Records from a collection
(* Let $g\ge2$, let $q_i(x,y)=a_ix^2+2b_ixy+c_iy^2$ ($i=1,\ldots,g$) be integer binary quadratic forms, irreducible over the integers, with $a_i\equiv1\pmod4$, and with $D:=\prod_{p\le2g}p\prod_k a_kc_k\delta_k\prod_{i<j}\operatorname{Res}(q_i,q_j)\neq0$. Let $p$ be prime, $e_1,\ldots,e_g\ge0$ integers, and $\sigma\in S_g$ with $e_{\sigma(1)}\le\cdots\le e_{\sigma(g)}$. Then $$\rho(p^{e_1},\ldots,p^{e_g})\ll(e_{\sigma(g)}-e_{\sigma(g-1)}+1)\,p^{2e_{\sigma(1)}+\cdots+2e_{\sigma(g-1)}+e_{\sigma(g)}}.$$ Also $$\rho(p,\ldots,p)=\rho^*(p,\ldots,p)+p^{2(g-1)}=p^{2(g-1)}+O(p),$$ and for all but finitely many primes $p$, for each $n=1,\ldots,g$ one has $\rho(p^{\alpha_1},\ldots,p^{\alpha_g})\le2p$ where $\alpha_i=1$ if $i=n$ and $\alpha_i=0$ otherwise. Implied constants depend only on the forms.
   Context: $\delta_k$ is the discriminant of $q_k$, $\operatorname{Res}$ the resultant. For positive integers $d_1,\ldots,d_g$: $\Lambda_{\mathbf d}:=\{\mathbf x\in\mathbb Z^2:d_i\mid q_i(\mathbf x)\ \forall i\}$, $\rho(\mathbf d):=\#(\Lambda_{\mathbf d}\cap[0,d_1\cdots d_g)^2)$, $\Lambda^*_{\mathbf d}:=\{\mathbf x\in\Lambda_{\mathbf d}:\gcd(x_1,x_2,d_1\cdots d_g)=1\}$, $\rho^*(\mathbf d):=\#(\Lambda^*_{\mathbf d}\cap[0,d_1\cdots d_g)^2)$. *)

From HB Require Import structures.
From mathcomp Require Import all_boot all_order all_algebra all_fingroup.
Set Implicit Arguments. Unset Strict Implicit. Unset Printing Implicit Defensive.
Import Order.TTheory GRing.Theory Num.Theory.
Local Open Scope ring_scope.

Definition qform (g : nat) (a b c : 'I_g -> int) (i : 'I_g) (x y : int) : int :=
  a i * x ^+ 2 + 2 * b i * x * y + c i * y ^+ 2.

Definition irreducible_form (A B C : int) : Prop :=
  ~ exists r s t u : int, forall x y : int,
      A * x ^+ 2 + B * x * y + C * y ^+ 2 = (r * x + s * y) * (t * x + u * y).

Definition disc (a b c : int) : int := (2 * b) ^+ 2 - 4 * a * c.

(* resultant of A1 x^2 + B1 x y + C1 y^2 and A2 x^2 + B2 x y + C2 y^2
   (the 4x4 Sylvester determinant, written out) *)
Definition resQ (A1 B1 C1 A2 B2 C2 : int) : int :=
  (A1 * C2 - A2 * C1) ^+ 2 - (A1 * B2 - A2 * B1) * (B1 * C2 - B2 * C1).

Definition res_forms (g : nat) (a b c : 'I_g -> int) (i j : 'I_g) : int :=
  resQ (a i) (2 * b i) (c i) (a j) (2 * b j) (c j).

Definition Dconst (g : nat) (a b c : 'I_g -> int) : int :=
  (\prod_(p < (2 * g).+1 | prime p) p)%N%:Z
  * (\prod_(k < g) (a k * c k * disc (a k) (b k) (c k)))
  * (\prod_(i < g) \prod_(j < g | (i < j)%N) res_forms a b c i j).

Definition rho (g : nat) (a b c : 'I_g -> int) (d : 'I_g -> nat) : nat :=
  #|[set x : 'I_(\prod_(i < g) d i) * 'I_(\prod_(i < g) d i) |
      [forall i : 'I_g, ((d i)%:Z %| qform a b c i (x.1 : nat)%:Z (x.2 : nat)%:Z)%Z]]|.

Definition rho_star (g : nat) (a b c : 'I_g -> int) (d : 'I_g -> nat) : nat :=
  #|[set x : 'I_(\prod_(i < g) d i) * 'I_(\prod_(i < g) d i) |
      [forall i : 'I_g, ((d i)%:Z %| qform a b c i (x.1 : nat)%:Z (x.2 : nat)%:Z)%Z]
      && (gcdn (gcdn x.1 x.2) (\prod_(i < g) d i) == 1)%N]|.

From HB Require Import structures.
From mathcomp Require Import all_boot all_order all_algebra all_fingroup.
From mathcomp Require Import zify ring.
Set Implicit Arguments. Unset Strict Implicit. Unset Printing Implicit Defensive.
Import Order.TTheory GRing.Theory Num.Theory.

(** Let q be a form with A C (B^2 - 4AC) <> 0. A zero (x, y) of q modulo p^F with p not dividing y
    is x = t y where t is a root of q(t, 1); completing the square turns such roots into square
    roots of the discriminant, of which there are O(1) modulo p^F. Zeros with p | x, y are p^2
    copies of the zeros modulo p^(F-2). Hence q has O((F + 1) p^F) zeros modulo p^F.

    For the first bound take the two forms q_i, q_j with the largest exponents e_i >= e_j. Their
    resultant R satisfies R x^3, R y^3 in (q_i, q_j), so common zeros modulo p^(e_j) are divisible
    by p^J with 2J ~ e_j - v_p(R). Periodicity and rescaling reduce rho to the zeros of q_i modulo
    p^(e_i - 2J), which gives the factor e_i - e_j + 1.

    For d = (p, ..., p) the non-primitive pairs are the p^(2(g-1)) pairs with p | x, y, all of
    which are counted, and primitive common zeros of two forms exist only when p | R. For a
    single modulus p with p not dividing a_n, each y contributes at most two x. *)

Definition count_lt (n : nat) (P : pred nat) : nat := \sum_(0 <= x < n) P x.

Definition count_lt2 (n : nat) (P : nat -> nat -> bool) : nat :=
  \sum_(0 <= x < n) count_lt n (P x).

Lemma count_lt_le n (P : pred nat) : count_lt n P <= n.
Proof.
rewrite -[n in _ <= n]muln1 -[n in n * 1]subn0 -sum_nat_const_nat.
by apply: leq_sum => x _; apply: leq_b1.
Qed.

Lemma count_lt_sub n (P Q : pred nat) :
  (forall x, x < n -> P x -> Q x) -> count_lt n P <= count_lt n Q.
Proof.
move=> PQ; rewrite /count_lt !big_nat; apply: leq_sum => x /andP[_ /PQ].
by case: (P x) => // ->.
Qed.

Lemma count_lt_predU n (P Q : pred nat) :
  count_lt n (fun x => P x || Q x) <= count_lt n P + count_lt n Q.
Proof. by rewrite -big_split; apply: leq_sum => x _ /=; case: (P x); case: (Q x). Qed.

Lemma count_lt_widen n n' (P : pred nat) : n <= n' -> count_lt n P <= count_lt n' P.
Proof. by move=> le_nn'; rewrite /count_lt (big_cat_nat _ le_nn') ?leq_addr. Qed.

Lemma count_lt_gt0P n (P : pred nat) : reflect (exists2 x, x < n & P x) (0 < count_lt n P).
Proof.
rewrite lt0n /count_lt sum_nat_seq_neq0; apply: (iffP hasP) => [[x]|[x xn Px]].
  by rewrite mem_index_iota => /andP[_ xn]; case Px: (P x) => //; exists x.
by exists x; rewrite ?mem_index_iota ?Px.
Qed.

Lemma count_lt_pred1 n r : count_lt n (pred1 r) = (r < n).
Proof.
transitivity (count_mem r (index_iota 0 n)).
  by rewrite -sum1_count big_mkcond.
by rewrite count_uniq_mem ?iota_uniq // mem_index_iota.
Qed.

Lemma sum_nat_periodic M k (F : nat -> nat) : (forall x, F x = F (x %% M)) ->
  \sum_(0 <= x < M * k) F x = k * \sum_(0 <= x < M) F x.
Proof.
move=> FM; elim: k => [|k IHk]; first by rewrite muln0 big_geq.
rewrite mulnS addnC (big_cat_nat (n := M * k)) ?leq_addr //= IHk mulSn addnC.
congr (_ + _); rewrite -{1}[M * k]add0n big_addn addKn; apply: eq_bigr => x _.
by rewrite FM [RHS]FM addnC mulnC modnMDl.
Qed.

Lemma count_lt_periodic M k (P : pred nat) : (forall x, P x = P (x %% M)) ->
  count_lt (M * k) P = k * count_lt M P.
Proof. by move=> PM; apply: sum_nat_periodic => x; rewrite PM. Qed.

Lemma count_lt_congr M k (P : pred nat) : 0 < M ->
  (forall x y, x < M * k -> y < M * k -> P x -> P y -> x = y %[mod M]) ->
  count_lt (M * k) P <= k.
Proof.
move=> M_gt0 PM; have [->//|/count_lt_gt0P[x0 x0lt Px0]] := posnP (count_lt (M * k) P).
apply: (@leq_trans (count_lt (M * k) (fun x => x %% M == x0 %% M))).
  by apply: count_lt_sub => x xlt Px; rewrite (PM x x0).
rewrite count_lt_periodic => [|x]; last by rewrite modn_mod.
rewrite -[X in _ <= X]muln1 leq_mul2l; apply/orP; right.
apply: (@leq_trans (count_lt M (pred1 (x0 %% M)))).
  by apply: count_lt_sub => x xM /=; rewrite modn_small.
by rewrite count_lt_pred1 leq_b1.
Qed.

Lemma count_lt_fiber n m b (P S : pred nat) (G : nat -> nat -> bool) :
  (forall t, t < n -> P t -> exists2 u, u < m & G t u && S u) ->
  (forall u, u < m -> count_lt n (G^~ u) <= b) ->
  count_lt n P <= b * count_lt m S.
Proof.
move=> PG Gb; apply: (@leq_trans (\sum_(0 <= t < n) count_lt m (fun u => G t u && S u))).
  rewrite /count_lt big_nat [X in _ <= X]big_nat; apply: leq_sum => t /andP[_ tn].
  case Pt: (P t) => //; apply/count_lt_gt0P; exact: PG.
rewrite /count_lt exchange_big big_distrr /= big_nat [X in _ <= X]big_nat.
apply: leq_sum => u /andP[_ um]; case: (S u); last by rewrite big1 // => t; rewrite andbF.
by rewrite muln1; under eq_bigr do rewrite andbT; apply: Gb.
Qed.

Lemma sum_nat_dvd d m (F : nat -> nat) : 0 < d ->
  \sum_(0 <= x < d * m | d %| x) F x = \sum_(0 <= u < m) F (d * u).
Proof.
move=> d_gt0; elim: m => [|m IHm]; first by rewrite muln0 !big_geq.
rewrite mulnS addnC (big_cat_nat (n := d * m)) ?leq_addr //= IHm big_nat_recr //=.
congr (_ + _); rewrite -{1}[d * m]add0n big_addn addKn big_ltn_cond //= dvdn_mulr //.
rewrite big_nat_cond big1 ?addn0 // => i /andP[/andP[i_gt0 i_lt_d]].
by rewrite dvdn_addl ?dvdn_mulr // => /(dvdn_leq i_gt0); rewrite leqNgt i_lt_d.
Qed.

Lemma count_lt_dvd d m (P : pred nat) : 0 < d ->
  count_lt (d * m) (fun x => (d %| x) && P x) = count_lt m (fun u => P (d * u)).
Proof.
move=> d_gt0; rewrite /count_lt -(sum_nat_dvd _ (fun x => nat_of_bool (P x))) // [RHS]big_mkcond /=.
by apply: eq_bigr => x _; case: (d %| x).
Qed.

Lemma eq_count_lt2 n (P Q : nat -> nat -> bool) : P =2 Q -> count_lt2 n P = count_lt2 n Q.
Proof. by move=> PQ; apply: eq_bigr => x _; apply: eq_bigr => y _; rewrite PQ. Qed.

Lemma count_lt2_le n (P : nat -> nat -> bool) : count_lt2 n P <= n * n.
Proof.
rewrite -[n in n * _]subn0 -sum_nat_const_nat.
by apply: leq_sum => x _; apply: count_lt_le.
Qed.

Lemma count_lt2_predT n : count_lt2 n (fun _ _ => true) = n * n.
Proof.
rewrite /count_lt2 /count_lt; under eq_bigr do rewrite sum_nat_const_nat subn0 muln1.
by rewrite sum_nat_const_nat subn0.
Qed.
==
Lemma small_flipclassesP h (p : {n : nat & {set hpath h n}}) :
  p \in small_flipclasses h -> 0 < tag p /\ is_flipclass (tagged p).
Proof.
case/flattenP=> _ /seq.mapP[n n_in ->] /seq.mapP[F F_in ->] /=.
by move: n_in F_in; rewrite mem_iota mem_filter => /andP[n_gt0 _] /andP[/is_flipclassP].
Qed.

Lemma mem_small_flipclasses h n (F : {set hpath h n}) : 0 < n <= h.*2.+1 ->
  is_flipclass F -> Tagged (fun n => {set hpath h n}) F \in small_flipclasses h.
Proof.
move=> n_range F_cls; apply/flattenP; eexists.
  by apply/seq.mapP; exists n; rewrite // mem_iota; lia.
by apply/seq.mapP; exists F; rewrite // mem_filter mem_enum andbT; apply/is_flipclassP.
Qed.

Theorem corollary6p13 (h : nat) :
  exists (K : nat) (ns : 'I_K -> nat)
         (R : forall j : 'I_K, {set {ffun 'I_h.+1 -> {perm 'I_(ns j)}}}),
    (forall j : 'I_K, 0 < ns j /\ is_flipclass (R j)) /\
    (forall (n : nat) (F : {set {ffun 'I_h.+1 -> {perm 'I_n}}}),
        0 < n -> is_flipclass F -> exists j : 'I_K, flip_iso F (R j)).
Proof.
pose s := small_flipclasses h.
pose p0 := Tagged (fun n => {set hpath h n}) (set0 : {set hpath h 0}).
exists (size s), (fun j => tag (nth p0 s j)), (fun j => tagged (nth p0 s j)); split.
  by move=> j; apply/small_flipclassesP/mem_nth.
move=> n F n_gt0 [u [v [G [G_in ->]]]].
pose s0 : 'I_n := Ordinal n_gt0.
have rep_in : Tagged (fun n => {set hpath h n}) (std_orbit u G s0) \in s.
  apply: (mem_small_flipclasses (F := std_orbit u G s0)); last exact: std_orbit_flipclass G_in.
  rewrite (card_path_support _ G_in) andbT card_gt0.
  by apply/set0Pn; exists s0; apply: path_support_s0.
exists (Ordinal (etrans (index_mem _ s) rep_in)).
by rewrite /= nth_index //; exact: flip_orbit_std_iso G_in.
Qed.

= Problem statement =
In the data above, how many lines include the word "andbT"? Answer with the number only.

= Reply =
3